En janvier 2015, le tribunal d’instance de Munich a déclaré le blogueur coupable, entre autres, d’avoir utilisé les symboles d’organisations inconstitutionnelles. En appel, le tribunal régional a confirmé la condamnation en considérant que le blogueur n’avait pas clairement pris ses distances avec l’idéologie nazie dans le billet litigieux et qu’il avait utilisé la photographie aux fins d’attirer l’attention. En décembre 2015, la Cour constitutionnelle fédérale a refusé d’examiner son recours.

Invoquant l’article 10 de la Convention EDH, le requérant a saisi la Cour européenne des droits de l’Homme (CEDH).

Dans son arrêt rendu le 5 avril 2018, la CEDH note que la décision de l’Allemagne d’ériger l’utilisation de symboles nazis en infraction pénale doit être replacée dans le contexte de l’histoire du pays, bien que la législation nationale prévoie une exonération de responsabilité lorsque l’opposition à l’idéologie en question a été clairement exprimée.

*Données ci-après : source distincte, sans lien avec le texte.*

(* Let $M$ be a commutative monoid (written multiplicatively), $n>1$ and $0\le p<q\le n$. The simplicial set $K(M,2)$ satisfies the Beck–Chevalley condition $\mathrm{BC}_{p,q}[n]$ if and only if: for any elements $a_{ijk}\in M$, indexed by $0\le i<j<k\le n$ with $\{p,q\}\not\subset\{i,j,k\}$, satisfying $a_{ikl}a_{ijk}=a_{ijl}a_{jkl}$ for all $0\le i<j<k<l\le n$ with $\{p,q\}\not\subset\{i,j,k,l\}$, there exist elements $x_{ipq}$ ($0\le i<p$), $y_{pjq}$ ($p<j<q$), $z_{pqk}$ ($q<k\le n$) of $M$ satisfying (1) $x_{ipq}a_{ijp}=a_{ijq}x_{jpq}$ for all $0\le i<j<p$; (2) $y_{pkq}a_{pjk}=y_{pjq}a_{jkq}$ for all $p<j<k<q$; (3) $a_{pkl}z_{pqk}=z_{pql}a_{qkl}$ for all $q<k<l\le n$; (4) $x_{ipq}y_{pjq}=a_{ijq}a_{ipj}$ for all $0\le i<p<j<q$; (5) $a_{iqk}x_{ipq}=a_{ipk}z_{pqk}$ for all $0\le i<p<q<k\le n$; (6) $z_{pqk}y_{pjq}=a_{pjk}a_{jqk}$ for all $p<j<q<k\le n$.
   Context: For a commutative monoid $M$, $K(M,2)$ is the simplicial set whose $n$-simplices are families $(a_{ijk})_{0\le i<j<k\le n}$ of elements of $M$ with $a_{ikl}a_{ijk}=a_{ijl}a_{jkl}$ for all $0\le i<j<k<l\le n$; the $j$-th face map omits all entries involving index $j$ (and reindexes), and degeneracies repeat an index and insert the unit of $M$. The Beck–Chevalley condition $\mathrm{BC}_{p,q}[n]$ on a simplicial set $S$: for any $(n-1)$-simplices $c_p,c_q$ with $d_pc_q=d_{q-1}c_p$ there exists an $n$-simplex $x$ with $d_px=c_p$, $d_qx=c_q$. *)

From HB Require Import structures.
From mathcomp Require Import all_boot all_order all_algebra.
Set Implicit Arguments. Unset Strict Implicit. Unset Printing Implicit Defensive.
Import GRing.Theory.
Local Open Scope ring_scope.

(* A commutative monoid M is an nmodType (additive notation: the paper's
   product a*b is written a + b, the unit is 0). *)

(* Raw families of elements of M indexed by triples of naturals; only the
   entries with 0 <= i < j < k <= n matter for an n-simplex. *)
Definition fam3 (M : nmodType) := nat -> nat -> nat -> M.

Definition K2simplex (M : nmodType) (n : nat) (a : fam3 M) : Prop :=
  forall i j k l : nat, (i < j)%N -> (j < k)%N -> (k < l)%N -> (l <= n)%N ->
    a i k l + a i j k = a i j l + a j k l.

Definition K2eq (M : nmodType) (n : nat) (a b : fam3 M) : Prop :=
  forall i j k : nat, (i < j)%N -> (j < k)%N -> (k <= n)%N -> a i j k = b i j k.

Definition coface (j i : nat) : nat := if (i < j)%N then i else i.+1.

Definition K2face (M : nmodType) (j : nat) (a : fam3 M) : fam3 M :=
  fun i k l => a (coface j i) (coface j k) (coface j l).

Definition K2_BC (M : nmodType) (p q n : nat) : Prop :=
  forall cp cq : fam3 M,
    K2simplex n.-1 cp -> K2simplex n.-1 cq ->
    K2eq n.-2 (K2face p cq) (K2face q.-1 cp) ->
    exists x : fam3 M,
      [/\ K2simplex n x, K2eq n.-1 (K2face p x) cp & K2eq n.-1 (K2face q x) cq].

Definition not_both (p q : nat) (s : seq nat) : bool :=
  ~~ ((p \in s) && (q \in s)).

Definition K2_BC_cond (M : nmodType) (p q n : nat) : Prop :=
  forall a : fam3 M,
    (forall i j k l : nat, (i < j)%N -> (j < k)%N -> (k < l)%N -> (l <= n)%N ->
       not_both p q [:: i; j; k; l] ->
       a i k l + a i j k = a i j l + a j k l) ->
    exists x y z : nat -> M,
      (forall i j, (i < j)%N -> (j < p)%N ->
             x i + a i j p = a i j q + x j) /\
          (forall j k, (p < j)%N -> (j < k)%N -> (k < q)%N ->
             y k + a p j k = y j + a j k q) /\
          (forall k l, (q < k)%N -> (k < l)%N -> (l <= n)%N ->
             a p k l + z k = z l + a q k l) /\
          (forall i j, (i < p)%N -> (p < j)%N -> (j < q)%N ->
             x i + y j = a i j q + a i p j) /\
          (forall i k, (i < p)%N -> (q < k)%N -> (k <= n)%N ->
             a i q k + x i = a i p k + z k) /\
          (forall j k, (p < j)%N -> (j < q)%N -> (q < k)%N -> (k <= n)%N ->
             z k + y j = a p j k + a j q k).
Lemma below_step t B : below t B -> below t.+1 B.
Proof.
move=> [XB YB]; have X1 i : X t.+1 i <= B.
  have YB0 j : Y t j <= B - 0 by rewrite subr0.
  by have := X_step_le (lexx 0) (XB i) YB0; rewrite mul0r subr0.
split=> // i; have := Y_step_le (X1 i) (mean_le n_gt0 YB).
by have -> : phi * B + (1 - phi) * B = B by ring.
Qed.

Lemma below_from s B : below s B -> forall t, (s <= t)%N -> below t B.
Proof.
move=> bB; elim=> [|t IH]; first by rewrite leqn0 => /eqP <-.
by rewrite leq_eqVlt => /predU1P[<- // | /[!ltnS] /IH /below_step].
Qed.

Lemma below_exists t : exists B, below t B.
Proof.
exists (\big[Num.max/0]_i Num.max (X t i) (Y t i)).
by split=> i; apply: le_trans (le_bigmax _ _ i); rewrite le_max lexx ?orbT.
Qed.

Let c := (1 - phi) * phi / n%:R.

Let c_gt0 : 0 < c.
Proof. by have /andP[p0 p1] := phi01; rewrite divr_gt0 ?mulr_gt0 ?subr_gt0 ?ltr0n. Qed.

Let c_le1 : c <= 1.
Proof.
have /andP[p0 p1] := phi01; rewrite ler_pdivrMr ?ltr0n // mul1r.
have : (1 - phi) * phi <= 1 * 1 by apply: ler_pM; lra.
by rewrite mul1r => /le_trans; apply; rewrite ler1n.
Qed.

Variables (A : R) (i0 : 'I_n).
Hypotheses (i0_isolated : #|N T i0| == 0%N)
           (isolated_le : forall i, #|N T i| == 0%N -> X T i <= A).

Lemma Y_below_after_two t B : (T <= t)%N -> below t B ->
  forall i, Y t.+2 i <= B - c * (B - A).
Proof.
move=> Tt bB i; have [XB1 YB1] := below_step bB.
have Y1i0 : Y t.+1 i0 <= B - phi * (B - A).
  have -> : B - phi * (B - A) = phi * A + (1 - phi) * B by ring.
  apply: Y_step_le _ (mean_le n_gt0 bB.2).
  by rewrite isolated_opinion_const ?isolated_le ?(leq_trans Tt).
have := Y_step_le ((below_step (below_step bB)).1 i) (mean_le_drop n_gt0 YB1 Y1i0).
by have -> : phi * B + (1 - phi) * (B - phi * (B - A) / n%:R) = B - c * (B - A)
  by rewrite /c; ring.
Qed.

Lemma below_contract t B : (T <= t)%N -> A <= B -> below t B ->
  below t.+3 (B - c * (B - A) / 2).
Proof.
move=> Tt AB bB; set h := c * (B - A).
have h0 : 0 <= h by apply: mulr_ge0 (ltW c_gt0) _; rewrite subr_ge0.
have hBA : h <= B - A by rewrite -[leRHS]mul1r ler_wpM2r ?subr_ge0.
have Y2 : forall i, Y t.+2 i <= B - h := Y_below_after_two Tt bB.
have X3 i : X t.+3 i <= B - h / 2.
  have Tt2 : (T <= t.+2)%N by do 2 apply: leqW.
  have [iso | k_gt0] := posnP #|N t.+2 i|.
    have isoT : #|N T i| == 0%N by rewrite -(stable Tt2) iso.
    rewrite isolated_opinion_const ?leqW //.
    by have := isolated_le isoT; lra.
  have k1 : 1 <= #|N t.+2 i|%:R :> R by rewrite ler1n.
  apply: le_trans (X_step_le h0 ((below_step (below_step bB)).1 i) Y2) _.
  rewrite lerD2l lerN2 ler_wpM2l // ler_pdivlMr ?ltr_wpDl //; lra.
have meanY2 : mean (Y t.+2) <= B - h / 2 by apply: mean_le => // k; have := Y2 k; lra.
split=> // i; have := Y_step_le (X3 i) meanY2.
by have -> : phi * (B - h / 2) + (1 - phi) * (B - h / 2) = B - h / 2 by ring.
Qed.

Let q := 1 - c / 2.

Let q_ge0 : 0 <= q.
Proof. by have := c_le1; rewrite /q; lra. Qed.

Let q_lt1 : q < 1.
Proof. by have := c_gt0; rewrite /q; lra. Qed.

Lemma below_geometric D : 0 <= D -> below T (A + D) ->
  forall k, below (T + 3 * k)%N (A + q ^+ k * D).
Proof.
move=> D0 bD; elim=> [|k IH]; first by rewrite muln0 addn0 expr0 mul1r.
have AB : A <= A + q ^+ k * D by rewrite lerDl mulr_ge0 ?exprn_ge0.
have := below_contract (leq_addr _ _) AB IH.
by rewrite mulnSr addnA addn3 exprS /q; congr below; ring.
Qed.

Lemma eventually_below e : 0 < e -> exists M, forall t, (M <= t)%N -> below t (A + e).
Proof.
move=> e0; have [B bB] := below_exists T.
pose D := Num.max 0 (B - A).
have D0 : 0 <= D by rewrite le_max lexx.
have bD : below T (A + D) by apply: below_le bB _; rewrite -lerBlDl le_max lexx orbT.
have normq : `|q| < 1 by rewrite ger0_norm.
have /cvgr0Pnorm_le/(_ _ (divr_gt0 e0 (ltr_wpDl D0 ltr01)))[K _ qK] := cvg_expr normq.
have {}qK : q ^+ K * D <= e.
  have := qK K (leqnn K); rewrite /= ger0_norm ?exprn_ge0 // ler_pdivlMr ?ltr_wpDl //.
  by apply: le_trans; rewrite ler_wpM2l ?exprn_ge0 ?lerDl.
exists (T + 3 * K)%N => t Kt.
by apply: below_le (below_from (below_geometric D0 bD K) Kt) _; rewrite lerD2l.
Qed.

End UpperBound.
(* Let $S$ be a pair of pants with boundary components $A_1,A_2,A_3$, let $\pi$ be a convex projective structure on $S$ with monodromy $\rho_\pi\colon \pi_1(S)\to\mathrm{SL}_3(\mathbb{R})$, and let $\lambda_i,\tau_i$ ($i=1,2,3$) be its Goldman boundary parameters and $\tau_{111}(T_\pm)$, $\sigma_1(B_j)$, $\sigma_2(B_j)$ its Fock–Goncharov coordinates (as defined in the context). Then, for $i=1,2,3$ (indices modulo 3), $$\lambda_i=\exp\Big(\tfrac13\sigma_1(B_{i+1})+\tfrac23\sigma_2(B_{i+1})+\tfrac23\sigma_1(B_{i-1})+\tfrac13\sigma_2(B_{i-1})+\tfrac23\tau_{111}(T_+)+\tfrac23\tau_{111}(T_-)\Big)$$ and $$\tau_i=\big(e^{-\sigma_1(B_{i+1})-\sigma_2(B_{i-1})}+1\big)\exp\Big(\tfrac13\sigma_1(B_{i+1})-\tfrac13\sigma_2(B_{i+1})-\tfrac13\sigma_1(B_{i-1})+\tfrac13\sigma_2(B_{i-1})-\tfrac13\tau_{111}(T_+)-\tfrac13\tau_{111}(T_-)\Big).$$
   Context: $S$ is a compact oriented pair of pants with boundary components $A_1,A_2,A_3$, each oriented opposite to the boundary orientation induced by $S$ (and also regarded as conjugacy classes in $\pi_1(S)$). A convex projective structure $\pi$ on $S$ has a developing map $\widetilde S\to\mathbb{RP}^2$ (a homeomorphism onto a convex domain) equivariant under a monodromy $\rho_\pi\colon\pi_1(S)\to\mathrm{SL}_3(\mathbb{R})$, well defined up to conjugation. For such $\pi$, $\rho_\pi(A_i)$ has distinct positive real eigenvalues $0<\lambda_i<\mu_i<\nu_i$; Goldman's boundary parameters are $\lambda_i$ and $\tau_i=\mu_i+\nu_i$. The unstable flag of $\rho_\pi(A_i)$ is the flag $F^{(1)}\subset F^{(2)}$ where $F^{(1)}$ is the $\lambda_i$-eigenline and $F^{(2)}$ is spanned by the $\lambda_i$- and $\mu_i$-eigenlines. Identify the interior of $S$ with $S^2-\{p_1,p_2,p_3\}$, $p_i$ corresponding to $A_i$, and decompose it into two ideal triangles $T_+,T_-$ glued along three disjoint lines $B_1,B_2,B_3$, where $B_i$ goes (and is oriented) from $p_{i-1}$ to $p_{i+1}$ (indices mod 3), and $p_1,p_2,p_3$ occur in this order clockwise around $T_+$ (counterclockwise around $T_-$). Each vertex of a lift of $T_\pm$ to $\widetilde S$ is fixed by a conjugate $g A_j g^{-1}$ of some $A_j$; assign to it the unstable flag of $\rho_\pi(gA_jg^{-1})$ (equivariantly). For a flag $F$, $f^{(a)}$ denotes any nonzero element of $\Lambda^a F^{(a)}$, and wedges of total degree 3 are identified with real numbers via a fixed volume form. Triangle invariants: if a lift $\widetilde T_+$ has vertices with flags $F_1,F_2,F_3$ (vertices fixed by conjugates of $A_1,A_2,A_3$, occurring clockwise in this order), then $\tau_{111}(T_+)=\log\Big(\frac{f_1^{(2)}\wedge f_2^{(1)}}{f_2^{(1)}\wedge f_3^{(2)}}\frac{f_1^{(1)}\wedge f_3^{(2)}}{f_1^{(1)}\wedge f_2^{(2)}}\frac{f_2^{(2)}\wedge f_3^{(1)}}{f_1^{(2)}\wedge f_3^{(1)}}\Big)$; if a lift $\widetilde T_-$ has vertex flags $F'_1,F'_2,F'_3$ (counterclockwise in this order), then $\tau_{111}(T_-)=\log\Big(\frac{f_1'^{(2)}\wedge f_3'^{(1)}}{f_2'^{(2)}\wedge f_3'^{(1)}}\frac{f_1'^{(1)}\wedge f_2'^{(2)}}{f_1'^{(1)}\wedge f_3'^{(2)}}\frac{f_2'^{(1)}\wedge f_3'^{(2)}}{f_1'^{(2)}\wedge f_2'^{(1)}}\Big)$. Shear invariants: lift $B_i$ to $\widetilde B_i$ with adjacent lifts $\widetilde T_+,\widetilde T_-$; let $F_{i+1},F_{i-1}$ be the flags at the positive and negative endpoints of $\widetilde B_i$, $F_i$ the flag at the third vertex of $\widetilde T_+$, and $F_i'$ the flag at the third vertex of $\widetilde T_-$. Then $\sigma_1(B_i)=\log\Big(-\frac{f_{i+1}^{(1)}\wedge f_{i-1}^{(1)}\wedge f_i^{(1)}}{f_{i+1}^{(1)}\wedge f_{i-1}^{(1)}\wedge f_i'^{(1)}}\frac{f_{i-1}^{(2)}\wedge f_i'^{(1)}}{f_{i-1}^{(2)}\wedge f_i^{(1)}}\Big)$ and $\sigma_2(B_i)=\log\Big(-\frac{f_{i+1}^{(1)}\wedge f_{i-1}^{(1)}\wedge f_i'^{(1)}}{f_{i+1}^{(1)}\wedge f_{i-1}^{(1)}\wedge f_i^{(1)}}\frac{f_{i+1}^{(2)}\wedge f_i^{(1)}}{f_{i+1}^{(2)}\wedge f_i'^{(1)}}\Big)$. (All quantities inside the logarithms are positive.) *)

From HB Require Import structures.
From mathcomp Require Import all_boot all_order all_algebra.
From mathcomp Require Import all_classical all_reals all_analysis.
Set Implicit Arguments. Unset Strict Implicit. Unset Printing Implicit Defensive.
Import Order.TTheory GRing.Theory Num.Theory.
Local Open Scope ring_scope.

Elle observe que le symbole utilisé par le requérant ne pouvait pas être considéré comme renvoyant à autre chose qu’à l’idéologie nazie. Par ailleurs, le requérant avait forcément connaissance de la législation en question, ne serait-ce que parce qu’il avait déjà été condamné pour avoir publié une image de la chancelière Angela Merkel portant un uniforme nazi et un brassard orné de la croix gammée et sur laquelle on avait peint la moustache d’Hitler.

La CEDH admet que le requérant n’avait pas pour intention de propager l’idéologie nazie et qu’il a pu penser qu’il contribuait à un débat d’intérêt général. Elle considère que la question se pose de savoir si les tribunaux auraient dû examiner le billet litigieux en même temps que les autres concernant le bureau de l’emploi et sa fille. Cependant, le billet en cause ne contenait aucun renvoi ou lien visible vers les billets précédents et le requérant ne mentionnait ni l’origine germano-népalaise de sa fille ni le fait qu’il percevait lui-même des allocations de la sécurité sociale, ce dont il résulte qu’il n’était pas possible de saisir clairement pourquoi la demande formulée par l’employé de l’agence pour l’emploi pouvait être comparée à ce qui s’était produit sous le régime nazi.

La Cour conclut qu’il ne peut être reproché aux juridictions nationales d’avoir conclu que le requérant avait recouru aux images litigieuses aux fins d’attirer l’attention et qu’il n’avait pas rejeté clairement et manifestement l’idéologie nazie dans son billet de blog.

Ainsi, les raisons avancées par les autorités nationales pour justifier l’ingérence dans l’exercice par le requérant de son droit à la liberté d’expression n’ont pas outrepassé leur marge d’appréciation. Cette ingérence était donc « nécessaire dans une société démocratique ».